第17話【過去④】
「まずは前提から話すわ」
俺と真白と理心は、校舎に向かって歩きながら話を続けていた。
「この子の名前は、明智理心じゃない」
理心と肩を組みながら歩く真白が言う。
どうでもいいけど、それ歩きづらいだろ。
「明智理心じゃない?」
「あら、あんまり驚かないのね」
まあ、名前関連で事情がありそうなのは察してましたし。
「この子の本当の名前は」
もったいぶるように言って、真白は理心の背中を軽く押した。
「えと……藤咲っす。藤咲理心」
「藤咲……?」
どこかで聞いたような気がする。
「名前は本名だったわけか。だから名前で呼べって?」
「そうなるっすね」
理心は少しだけ気まずそうに視線を逸らした。
「明智ってのは?」
「偽名っす。身分を隠すための」
「物騒な高校生活だな」
「自分でもそう思うっす」
「藤咲家」
真白が横から口を挟む。
「天下五剣の一角よ」
「天下五剣?」
大仰な名前が出てきた。
「この国の裏側で、古くから武をもって地位を築いてきた勢力。現時点では、藤咲、村雨、立川、宮本、柳生」
「急に少年漫画みたいな単語出してくるな」
「現実よ」
「余計に嫌だわ」
真白は気にせず続ける。
「理心さんの兄は、その藤咲家の現当主に近い立場にいる。いえ、実質的にはもう中心人物と言っていいわね」
「兄?」
「私の兄っす」
理心は小さく頷いた。
「先生、天下五剣って知ってたっすか」
「あれだろ、鬼丸国綱とか童子切安綱とか」
「それにちなんではいるっすね。
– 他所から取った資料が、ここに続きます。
(* (a, b) is a dimension pair of T (with h(j) = j). *)
Definition dim_pair (T : filling) (a b : nat) : bool :=
  (a < b) &&
  has (fun pa => (ent T pa == a) &&
     has (fun pb => [&& ent T pb == b,
                        ((pb.2 == pa.2) && (pa.1 < pb.1)) || (pb.2 < pa.2)
                      & (if pa.2.+1 < size (nth [::] T pa.1)
                         then b <= ent T (pa.1, pa.2.+1) else true)])
       (boxes T))
    (boxes T).

Definition D_card (T : filling) (n j : nat) : nat :=
  count (fun a => dim_pair T a j) (iota 1 n).

Definition Phi (n : nat) (T : filling) : monomial :=
  fun t => if (2 <= t) && (t <= n) then D_card T n t else 0.

From mathcomp Require Import all_boot zify.
Set Implicit Arguments. Unset Strict Implicit. Unset Printing Implicit Defensive.

(* In a row-strict filling T, fix t and let L_r be the number of entries smaller
   than t in row r, so that t sits in row k, column L_k. In row r only the last
   entry smaller than t, in column L_r - 1, can form a dimension pair (a, t), and
   it does exactly when that column lies right of the column of t, or is the same
   column with r above k. Hence |D^T_t| is the number of rows preceding row k in
   the dimension ordering of the composition (L_r), where row k is counted with
   one more box.
   In the GP-tree these numbers are the unfilled row lengths at the Level-t
   vertex (the row receiving t counted with the box t fills), and they never
   change below it because all later values are smaller than t. There the edge
   x_t^j puts t into the row labelled j + 1, which is preceded by exactly j rows
   in the dimension ordering, so the exponent of x_t is |D^T_t|. Row-strictness
   of the leaves follows from the invariant that each row consists of its
   unfilled boxes followed by the increasing run of the values placed so far. *)

Lemma uniq_map_inj_in (T1 T2 : eqType) (f : T1 -> T2) (s : seq T1) :
  uniq (map f s) -> {in s &, injective f}.
Proof.
elim: s => //= a s IH /andP[fa_s s_uniq] x y; rewrite !in_cons.
case/orP=> [/eqP->|xs]; case/orP=> [/eqP->|ys] // fE.
- by move: fa_s; rewrite fE map_f.
- by move: fa_s; rewrite -fE map_f.
- exact: IH.
Qed.

Lemma uniq_map_has_eq (T1 T2 : eqType) (f : T1 -> T2) (P : pred T1) (s : seq T1) y :
  uniq (map f s) -> y \in s -> has (fun x => (f x == f y) && P x) s = P y.
Proof.
move=> s_uniq ys; apply/hasP/idP => [[x xs /andP[/eqP fE Px]]|Py].
  by rewrite -(uniq_map_inj_in s_uniq xs ys fE).
by exists y; rewrite ?eqxx.
Qed.

Lemma find_eq_nth (T : Type) (p : pred T) x0 (s : seq T) k :
  k < size s -> p (nth x0 s k) -> (forall r, r < k -> ~~ p (nth x0 s r)) ->
  find p s = k.
Proof.
elim: s k => [|x s IH] [|k] //= k_lt pk before; first by rewrite pk.
by rewrite (negbTE (before 0 isT)) (IH k) // => r r_lt; apply: (before r.+1).
Qed.

Lemma find_set_nth (T : Type) (p : pred T) x0 (s : seq T) k y :
  k < size s -> p y = p (nth x0 s k) -> find p (set_nth x0 s k y) = find p s.
Proof.
elim: s k => [|x s IH] [|k] //= k_lt; first by move->.
by move/(IH k k_lt)->.
Qed.

Lemma nth_map_nil (T : Type) (f : seq T -> nat) (F : seq (seq T)) r :
  f [::] = 0 -> nth 0 (map f F) r = f (nth [::] F r).
Proof.
move=> f0; case: (ltnP r (size F)) => [r_lt|r_ge]; first exact: nth_map.
by rewrite !nth_default ?size_map.
Qed.

Lemma set_nth_nseq (T : Type) (x0 y : T) (s : seq T) z :
  set_nth x0 (nseq z.+1 x0 ++ s) z y = nseq z x0 ++ y :: s.
Proof. by elim: z => //= z ->. Qed.

Lemma perm_flatten_set_nth (T : eqType) (F : seq (seq T)) k y :
  k < size F -> perm_eq (nth [::] F k ++ flatten (set_nth [::] F k y)) (y ++ flatten F).
Proof.
elim: F k => [|r F IH] [|k] //= k_lt; first by rewrite perm_catCA.
by rewrite perm_catCA perm_sym perm_catCA perm_cat2l perm_sym IH.
Qed.

(** * Strictly increasing rows *)

Lemma sorted_nth_lt_count s t c : sorted ltn s -> c < size s ->
  (nth 0 s c < t) = (c < count (fun x => x < t) s).
Proof.
elim: s c => [|x s IH] c //=; rewrite (path_sortedE ltn_trans) => /andP[x_lt s_sorted].
case: (ltnP x t) => [x_lt_t | t_le_x].
  by case: c => [|c] /= c_lt; rewrite ?x_lt_t // add1n ltnS IH.
have -> : count (fun y => y < t) s = 0.
  apply/eqP; rewrite -leqn0 leqNgt -has_count; apply/hasP => -[y ys].
  by apply/negP; rewrite -leqNgt (leq_trans t_le_x) // ltnW // (allP x_lt).
case: c => [|c] /= c_lt; first by rewrite ltnNge t_le_x.
by apply/negbTE; rewrite -leqNgt (leq_trans t_le_x) // ltnW // (allP x_lt) ?mem_nth.
Qed.

Lemma count_lt_nth_sorted s c : sorted ltn s -> c < size s ->
  count (fun x => x < nth 0 s c) s = c.
Proof.
move=> s_sorted c_lt; set L := count _ s.
have L_le : L <= c.
  by rewrite leqNgt -(sorted_nth_lt_count _ s_sorted c_lt) ltnn.
have L_lt : L < size s := leq_ltn_trans L_le c_lt.
apply/eqP; rewrite eqn_leq L_le leqNgt; apply/negP => /(sorted_ltn_nth ltn_trans 0 s_sorted).
by rewrite !inE sorted_nth_lt_count // ltnn => /(_ L_lt c_lt).
Qed.

Lemma sorted_last_below s t c : sorted ltn s -> c < size s ->
  (nth 0 s c < t) && (if c.+1 < size s then t <= nth 0 s c.+1 else true)
  = (c.+1 == count (fun x => x < t) s).
Proof.
move=> s_sorted c_lt; rewrite (sorted_nth_lt_count _ s_sorted c_lt) eqn_leq.
case: ifP => [c1_lt | /negbT c1_ge].
  by rewrite [t <= _]leqNgt (sorted_nth_lt_count _ s_sorted c1_lt) -leqNgt.
by rewrite (leq_trans (count_size _ _)) // leqNgt.
Qed.

Lemma count_iota_last (P : pred nat) m L : L <= m ->
  count (fun c => (c.+1 == L) && P c) (iota 0 m) = (0 < L) && P L.-1.
Proof.
case: L => [|L] L_le /=.
  by rewrite (@eq_count _ _ pred0) ?count_pred0.
rewrite (@eq_count _ _ (fun c => (c == L) && P L)); last first.
  by move=> c; rewrite eqSS; case: eqP => [->|].
case: (P L); last by rewrite (@eq_count _ _ pred0) ?count_pred0 // => c; rewrite andbF.
rewrite (@eq_count _ _ (pred1 L)) => [|c]; last by rewrite andbT.
by rewrite count_uniq_mem ?iota_uniq // mem_iota add0n L_le.
Qed.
この国で実力のある剣客をそう呼ぶんすよ」
知ってるよ。嫌って程な。
理心は続ける。
「私の兄は、その天下五剣なんすよ」
「……お前、さらっと言うね」
「しょうがないっす。事実っすから」
天下五剣、藤咲家か。どうりで聞き覚えがあるわけだ。
「今回の連中は、おそらく理心さん本人が目的というより、彼女を使って藤咲家に圧をかけたい連中の仕業でしょうね」
「つまり?」
「理心さんのお兄さんへの脅し、ってこと」
「ここ数年で、天下五剣に数えられる五人の中に兄が入ったんす。それで、勢いに乗る兄を蹴落としたい人たちがいるみたいで。私には詳しいことはわからないっすけど、妹の私を引き合いに出して、兄をどうこうしたいんじゃないっすかね」
理心は、自分の腕をさすりながら言った。
「実際、こんな感じで襲われたのは初めてじゃないんすよ」
「理心さんは、入学前にも似たような連中に攫われそうになったらしいわ。詳しい話は私も知らないけど、おばあさまは把握してる。それで、危険を回避するために偽名で入学させたのよ」
「まあそんな感じっす。騙して悪かったっす」
「いや、それはいいけどよ」
こいつが人と積極的に関わらないのは、そのせいか。
いつどこで襲われるかわからない。
だから人の多い場所にはいられない。
巻き込む可能性があるからだ。
かといって、人の少ない場所も危ない。
今日みたいに、狙われる。
放課後、寮にそのまま帰る生徒はそう多くない。
部活や遊びに出ている連中が多く、寮にいるのは直帰した生徒と寮母くらいだろう。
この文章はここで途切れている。